A Baggage Called Past (Part II)
Childhood. We are all born the same: sweet little babies, dependent on those around us, namely on our parents. We open our eyes and the first person almost all of us see is our mother. The outside world is now introduced to us. The mother is to become the symbol of love and warmth. In happy cases. We don’t know, we don’t remember how our mother spoke to us: in a calm and soothing voice, with harsh words, did she want us or not, did she absorb into her being our little bodies with all her heart while lovingly looking at us in our very first moments in this world, as if she might have wanted to make sure she would have our sweet and innocent face forever stuck on her retina?
We continued to be what we had and knew best to be: sweet little babies, dependent on those around us, without yet knowing what hatred, envy, comparison or sadness meant. We simply were what we were. Perhaps some reached the loving arms of other parents, others the cold arms of orphanages.
Years pass by. Some might have been given love and warmth. Others might have been physically, psychologically, emotionally or even sexually abused. Whatever the atmosphere was where we grew up, we created a normality of it. For it is only normal for a child to do so.
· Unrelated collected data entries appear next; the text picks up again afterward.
Lemma euler_graph (R : rcfType) m d (F : {mpoly (CC R)[m.+2]}) z1
    (w : 'rV[CC R]_m) (a : 'I_m -> CC R) :
  let Z := chart_pt z1 w in
  F \is ishomog1 d (mpoly_mdeg__canonical__mpoly_Measure m.+2) ->
  F.@[Z] = 0 -> (forall l, dF F (idxw l) Z = - (a l * dF F idx1 Z)) ->
  dF F ord0 Z = - (dF F idx1 Z * (z1 - \sum_l a l * w 0 l)).
Proof.
move=> Z homF F0 Fw; have := mpoly_euler Z homF.
rewrite F0 mulr0 big_chart /Z chart_pt0 chart_pt1 mul1r -/Z.
rewrite -/(dF F ord0 Z) -/(dF F idx1 Z).
have -> : \sum_l Z (idxw l) * dF F (idxw l) Z =
    - (dF F idx1 Z * \sum_l a l * w 0 l).
  rewrite mulr_sumr -sumrN; apply: eq_bigr => l _.
  by rewrite /Z chart_ptw -/Z Fw; ring.
by move=> E; apply/eqP; rewrite -subr_eq0 -[X in _ == X]E; apply/eqP; ring.
Qed.

Section SquaredModulus.
Variable R : rcfType.
Implicit Types x y : CC R.

Lemma sqn_ge0 x : 0 <= sqn x.
Proof. exact: mul_conjC_ge0. Qed.

Lemma sqnM x y : sqn (x * y) = sqn x * sqn y.
Proof. by rewrite /sqn rmorphM /=; ring. Qed.

Lemma sqnN x : sqn (- x) = sqn x.
Proof. by rewrite /sqn rmorphN /=; ring. Qed.

Lemma sum_sqn_ge0 (I : Type) (r : seq I) (P : pred I) (f : I -> CC R) :
  0 <= \sum_(i <- r | P i) sqn (f i).
Proof. by apply: sumr_ge0 => i _; exact: sqn_ge0. Qed.

Lemma sum_sqn_chart m (G : 'I_m.+2 -> CC R) (a : 'I_m -> CC R) c :
  G ord0 = - (G idx1 * c) -> (forall l, G (idxw l) = - (a l * G idx1)) ->
  \sum_k sqn (G k) = sqn (G idx1) * (1 + \sum_l sqn (a l) + sqn c).
Proof.
move=> G0 Gw; rewrite big_chart G0 sqnN sqnM.
under eq_bigr do rewrite Gw sqnN sqnM.
by rewrite -mulr_suml; ring.
Qed.

End SquaredModulus.

Lemma sumr_deltal (C : pzSemiRingType) (I : finType) (i : I) (F : I -> C) :
  \sum_j (i == j)%:R * F j = F i.
Proof.
rewrite (bigD1 i) //= eqxx mul1r big1 ?addr0 // => j /negbTE.
by rewrite eq_sym => ->; rewrite mul0r.
Qed.

(* The primed variables stand for complex conjugates; the identity holds
   with them as independent indeterminates. *)
Section GraphMetricInverse.
Variables (C : fieldType) (m : nat) (z1 z1' : C) (z z' a a' : 'I_m -> C).

Let nz := z1 * z1' + \sum_j z j * z' j.
Let na := \sum_j a j * a' j.
Let S := \sum_j a j * z j.
Let S' := \sum_j a' j * z' j.

Definition graph_metric i j : C :=
  ((i == j)%:R + a i * a' j) / (1 + nz)
  - (z' i + z1' * a i) * (z j + z1 * a' j) / (1 + nz) ^+ 2.

Definition graph_metric_inv rho i j : C :=
  rho^-1 * (rho * (1 + nz) * (j == i)%:R - a j * a' i + z' j * z i * (1 + na))
  - rho^-1 * (a j * z i * (S' - z1') + z' j * a' i * (S - z1)).

Lemma graph_metric_mulV rho i k :
  1 + nz != 0 -> 1 + na + (z1 - S) * (z1' - S') != 0 ->
  rho = (1 + na + (z1 - S) * (z1' - S')) / (1 + nz) ->
  \sum_j graph_metric i j * graph_metric_inv rho k j = (i == k)%:R.
Proof.
move=> A0 P0 rhoE; have rho0 : rho != 0 by rewrite rhoE mulf_neq0 ?invr_eq0.
pose c0 := (1 + nz)^-1.
pose c1 := a i / (1 + nz) - (z' i + z1' * a i) * z1 / (1 + nz) ^+ 2.
pose c2 := - (z' i + z1' * a i) / (1 + nz) ^+ 2.
pose d0 := rho^-1 * rho * (1 + nz).
pose d1 := rho^-1 * (- a' k - z k * (S' - z1')).
pose d2 := rho^-1 * (z k * (1 + na) - a' k * (S - z1)).
have termE j : graph_metric i j * graph_metric_inv rho k j =
    (i == j)%:R * (c0 * d0 * (j == k)%:R + c0 * d1 * a j + c0 * d2 * z' j)
    + (k == j)%:R * ((a' j * c1 + z j * c2) * d0)
    + a j * a' j * (c1 * d1) + a' j * z' j * (c1 * d2)
    + a j * z j * (c2 * d1) + z j * z' j * (c2 * d2).
  rewrite /graph_metric /graph_metric_inv [j == k]eq_sym.
  by rewrite /c0 /c1 /c2 /d0 /d1 /d2; field; rewrite A0 rho0.
rewrite (eq_bigr _ (fun j _ => termE j)) !big_split /= -!mulr_suml.
rewrite !sumr_deltal -/na -/S -/S'.
move: A0; rewrite /c0 /c1 /c2 /d0 /d1 /d2 rhoE /nz => A0.
by field; rewrite A0 P0.
Qed.

End GraphMetricInverse.

Theorem lemma2p1 (R : realType) (m d : nat)
    (F : mpoly.mpoly m.+2 (CC R))
    (U : set 'rV[(CC R)^o]_m) (phi : 'rV[(CC R)^o]_m -> (CC R)^o)
    (w : 'rV[(CC R)^o]_m) :
  F \is mpoly.ishomog1 d (mpoly.mpoly_mdeg__canonical__mpoly_Measure m.+2) ->
  smooth_hypersurface F ->
  open U ->
  holomorphic_on U phi ->
  (forall v, U v -> mpoly.meval (chart_pt (phi v) v) F = 0) ->
  (forall v, U v -> dF F idx1 (chart_pt (phi v) v) != 0) ->
  U w ->
  let z1 : CC R := phi w in
  let zz : 'I_m -> CC R := fun j => w 0 j in
  let a : 'I_m -> CC R := pder phi w in
  let Z := chart_pt z1 w in
  let nz : CC R := sqn z1 + \sum_(j < m) sqn (zz j) in
  let na : CC R := \sum_(j < m) sqn (a j) in
  let rho : CC R :=
    (\sum_(k < m.+2) sqn (dF F k Z)) / ((1 + nz) * sqn (dF F idx1 Z)) in
  let g : 'I_m -> 'I_m -> CC R := fun i j =>
    ((i == j)%:R + a i * (a j)^*) / (1 + nz)
    - ((zz i)^* + z1^* * a i) * (zz j + z1 * (a j)^*) / (1 + nz) ^+ 2 in
  let ginv : 'I_m -> 'I_m -> CC R := fun i j =>
    rho^-1 * (rho * (1 + nz) * (j == i)%:R - a j * (a i)^*
              + (zz j)^* * zz i * (1 + na))
    - rho^-1 * (a j * zz i * (\sum_(k < m) (a k)^* * (zz k)^* - z1^*)
                + (zz j)^* * (a i)^* * (\sum_(k < m) a k * zz k - z1)) in
  forall i k : 'I_m, \sum_(j < m) g i j * ginv k j = (i == k)%:R.
Proof.
move=> homF _ oU hol F0 F1_neq0 Uw z1 zz a Z nz na rho g ginv i k.
pose f1 := dF F idx1 Z; pose S := \sum_l a l * zz l.
pose S' := \sum_l (a l)^* * (zz l)^*.
have dFw l : dF F (idxw l) Z = - (a l * f1).
  by apply/eqP; rewrite -addr_eq0 addrC (implicit_derivative l oU hol F0 Uw).
have dF0 : dF F ord0 Z = - (f1 * (z1 - S)) := euler_graph homF (F0 w Uw) dFw.
have sqn_z1S : sqn (z1 - S) = (z1 - S) * (z1^* - S').
  rewrite /sqn rmorphB rmorph_sum; congr (_ * (_ - _)).
  by apply: eq_bigr => l _; rewrite rmorphM.
have nz_neq0 : 1 + nz != 0.
  by rewrite paddr_eq0 ?oner_eq0 ?ler01 ?addr_ge0 ?sqn_ge0 ?sum_sqn_ge0.
have P_neq0 : 1 + na + (z1 - S) * (z1^* - S') != 0.
  rewrite -sqn_z1S -addrA paddr_eq0 ?oner_eq0 ?ler01 //.
  by rewrite addr_ge0 ?sqn_ge0 ?sum_sqn_ge0.
have rhoE : rho = (1 + na + (z1 - S) * (z1^* - S')) / (1 + nz).
  have f1_neq0 : sqn f1 != 0 by rewrite mulf_neq0 ?conjC_eq0 ?F1_neq0.
  rewrite /rho (sum_sqn_chart (G := fun k => dF F k Z) dF0 dFw).
  rewrite -/f1 -sqn_z1S -/na.
  by field; rewrite nz_neq0 f1_neq0.
exact: (graph_metric_mulV (z1 := z1) (z1' := z1^*) (z := zz)
  (z' := fun j => (zz j)^*) (a := a) (a' := fun j => (a j)^*) i k
  nz_neq0 P_neq0 rhoE).
Qed.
When we are born, our brain is a brand-new hard-disk, which is programmed by what we live and what we are told when we are children and thus, as children, we live with the well founded impression that it is the same in all families.
If you are a child who is told off all the time, you will surely end up believing that other children are told off all the time. You will not understand that the sadness you feel inside and cannot understand is not normal. You will understand when you are an adult, but your wings will have already been broken and, if you’ve grown up believing you were not worthy, if this programming occurred in your brain, you will not dare go beyond your limits either when you’re an adult, unless you fight and choose to swim, daring to reprogram your hard disk. As an adult, you have this option.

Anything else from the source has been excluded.